Crucially, when asked if they had used any of their custom tools during this demanding migration, both models responded in the negative, aside from tools they were already inherently familiar with. GPT-5 attributed this to runtime/environment issues being faster to fix directly, and a lack of “repo-wide refactors or diagnostics that would benefit from custom tooling” during that pass—a surprising claim, given the nature of the migration. Opus 4’s reasoning provided further clarity: the model effectively communicated that it built the tools based on its existing knowledge, but when faced with the actual task, it found it more efficient to simply leverage its inherent capabilities rather than invoking external tools.

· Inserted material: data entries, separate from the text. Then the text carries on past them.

Lemma perturb_pst : exists2 eps, 0 < eps & in_PST E (perturb eps).
Proof.
have [x_ge0 [x_subtour x_E]] := x_pst.
pose P (k : {set V} + {set V}) := match k with
  | inl e => e \in T
  | inr A => [&& A != set0, A \proper [set: V] & ~~ tight E x A] end.
pose q (k : {set V} + {set V}) := match k with
  | inl e => x e
  | inr A => slack A / (xsum x (Eset E A) + 1) end.
have X_ge0 S : 0 <= xsum x (Eset E S).
  by apply: sumr_ge0 => e; rewrite inE => /andP[/x_ge0].
have [|eps eps_gt0 eps_le] := @exists_pos_lower_bound _ _ P q.
  case=> [e /T_pos //|S /and3P[hS0 hSp ntS]]; apply: divr_gt0; last first.
    by have := X_ge0 S; lra.
  rewrite subr_gt0 lt_def pst_Eset_le // andbT; apply: contraNneq ntS => X_eq.
  by rewrite /tight hS0 X_eq eqxx.
exists eps => //; split; [|split].
- move=> e he; rewrite /perturb mulrDl mul1r.
  have := x_ge0 e he; have : 0 <= eps * x e by rewrite mulr_ge0 ?x_ge0 // ltW.
  case: (boolP (e \in T)) => [heT|_]; last by rewrite mulr0; lra.
  by have := eps_le (inl e) heT; rewrite /= mulr1; lra.
- move=> S hS0 hSp; apply: perturb_subtour => // ntS.
  have := eps_le (inr S); rewrite /= hS0 hSp ntS => /(_ isT).
  by rewrite ler_pdivlMr //; have := X_ge0 S; lra.
- rewrite xsum_perturb x_E (setIidPr T_sub) -T_card natrD; lra.
Qed.

Lemma sum_tree_indicator (d : {set V} -> R) :
  \sum_(e in E) d e * (e \in T)%:R = \sum_(e in T) d e.
Proof.
rewrite (eq_bigr (fun e => if e \in T then d e else 0)) => [|e _]; last first.
  by rewrite mulr_natr mulrb.
by rewrite -big_mkcondr; apply: eq_bigl => e; rewrite andb_idl // => /(subsetP T_sub).
Qed.

Lemma tree_cost_le_of_min (d : {set V} -> R) :
  (forall x', in_PST E x' -> \sum_(e in E) d e * x e <= \sum_(e in E) d e * x' e) ->
  \sum_(e in T) d e <= \sum_(e in E) d e * x e.
Proof.
move=> x_min; have [eps eps_gt0 /x_min] := perturb_pst.
have -> : \sum_(e in E) d e * perturb eps e =
    (1 + eps) * \sum_(e in E) d e * x e - eps * \sum_(e in T) d e.
  rewrite -sum_tree_indicator !mulr_sumr -sumrB.
  by apply: eq_bigr => e _; rewrite /perturb; ring.
by rewrite mulrDl mul1r => h; rewrite -(ler_pM2l eps_gt0); lra.
Qed.

End TreeInOptimalFace.

Lemma pst_card_neq0 (R : realType) (V : finType) (E : {set {set V}}) (x : {set V} -> R) :
  in_PST E x -> #|V| != 0%N.
Proof.
move=> [x_ge0 [_ x_E]]; rewrite -lt0n -(ler1n R) -subr_ge0 -x_E.
by apply: sumr_ge0 => e /x_ge0.
Qed.

Lemma le_cy (R : realType) (V : finType) (E Sc : {set {set V}}) (c y : {set V} -> R) e :
  nonneg_on Sc y -> c e <= cy E Sc c y e.
Proof. by move=> y_ge0; rewrite lerDl sumr_ge0 // => S /andP[/y_ge0]. Qed.

Theorem lemma6 (R : realType) (V : finType) (E : {set {set V}})
  (c : {set V} -> R) (Sc : {set {set V}}) (b : {set V} -> int) (lam : R)
  (xs : {set V} -> R) (L : {set {set V}})
  (x' : {set V} -> R) (L' : {set {set V}})
  (Tf : {set V} -> {set {set V}}) (T : {set {set V}})
  (ys : {set V} -> R) :
  simple_graph E -> graph_connected E ->
  (forall e, e \in E -> 0 <= c e) ->
  is_chain Sc ->
  1 < lam ->
  (exists x, feasible E Sc b lam x) ->
  opt_primal E Sc b lam c xs ->
  laminar_decomp E xs L ->
  rainbow_free_decomp E Sc x' L' ->
  supp E x' \subset supp E xs ->
  L \subset L' ->
  (forall S, S \in Sc -> xsum x' (dset E S) <= xsum xs (dset E S)) ->
  (forall L0, L0 \in L' ->
     Tf L0 \subset supp E x' /\ spanning_tree_contr E L' L0 (Tf L0)) ->
  T = \bigcup_(L0 in L') Tf L0 ->
  opt_dual E Sc b lam c ys ->
  \sum_(e in T) c e <= \sum_(e in E) cy E Sc c ys e * xs e /\
  \sum_(e in E) cy E Sc c ys e * xs e
    = \sum_(e in E) c e * xs e + lam * \sum_(S in Sc) (b S)%:~R * ys S.
Proof.
move=> E_simple _ _ _ _ feas xs_opt xs_ld [x'_pst [L'_ld _]] supp_sub LL' _ Tf_spec -> ys_opt.
have [slack xs_cy_min] := complementary_slackness feas xs_opt ys_opt.
split; last by rewrite cy_sumE slack.
have [[xs_pst _] _] := xs_opt.
have Tf_tree L0 : L0 \in L' -> spanning_tree_contr E L' L0 (Tf L0) by case/Tf_spec.
have T_supp e : e \in \bigcup_(L0 in L') Tf L0 -> (e \in E) && (0 < xs e).
  case/bigcupP => L0 /Tf_spec[/subsetP Tf_supp _] /Tf_supp /(subsetP supp_sub).
  by rewrite inE.
have T_sub : \bigcup_(L0 in L') Tf L0 \subset E by apply/subsetP => e /T_supp/andP[].
have T_pos e : e \in \bigcup_(L0 in L') Tf L0 -> 0 < xs e by move/T_supp/andP=> [].
have L'_lam := ld_laminar L'_ld; have L'_set1 := ld_set1 E_simple L'_ld.
have L'_neq0 := ld_neq0 L'_ld.
have V_neq0 := pst_card_neq0 xs_pst.
apply: le_trans (tree_cost_le_of_min xs_pst T_sub T_pos
  (card_tree E_simple xs_pst xs_ld L'_lam L'_set1 L'_neq0 Tf_tree LL' V_neq0)
  (card_Eset_tree_tight E_simple xs_pst xs_ld L'_lam L'_set1 L'_neq0 Tf_tree LL' V_neq0 T_pos)
  xs_cy_min).
by apply: ler_sum => e _; apply: le_cy; case: ys_opt.
Qed.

This observation aligns with previous discussions in the AI community, suggesting that models may quickly learn to avoid tools if they experience early failures during their operational process, or that extensive “scaffolding” for agents might be rendered unnecessary as models scale. While the task assigned was challenging enough to be a multi-hour endeavor for a human, it raises the question of whether more complex tasks might compel models to utilize their custom tools.

In conclusion, while current large language models demonstrate a remarkable capacity to design sophisticated developer tools, their propensity to use these tools during complex coding tasks remains limited. This suggests that achieving true “inference-time self-improvement” in coding agents may require more than just tool creation; it might necessitate more robust enforcement mechanisms or further advancements in how models internalize and integrate new capabilities. For the foreseeable future, a pragmatic approach involves leveraging models to refine rule-based development tools (like ESLint rules or automated tests), thereby enhancing human-driven workflows, rather than solely relying on models to spontaneously adopt their own creations for self-improvement.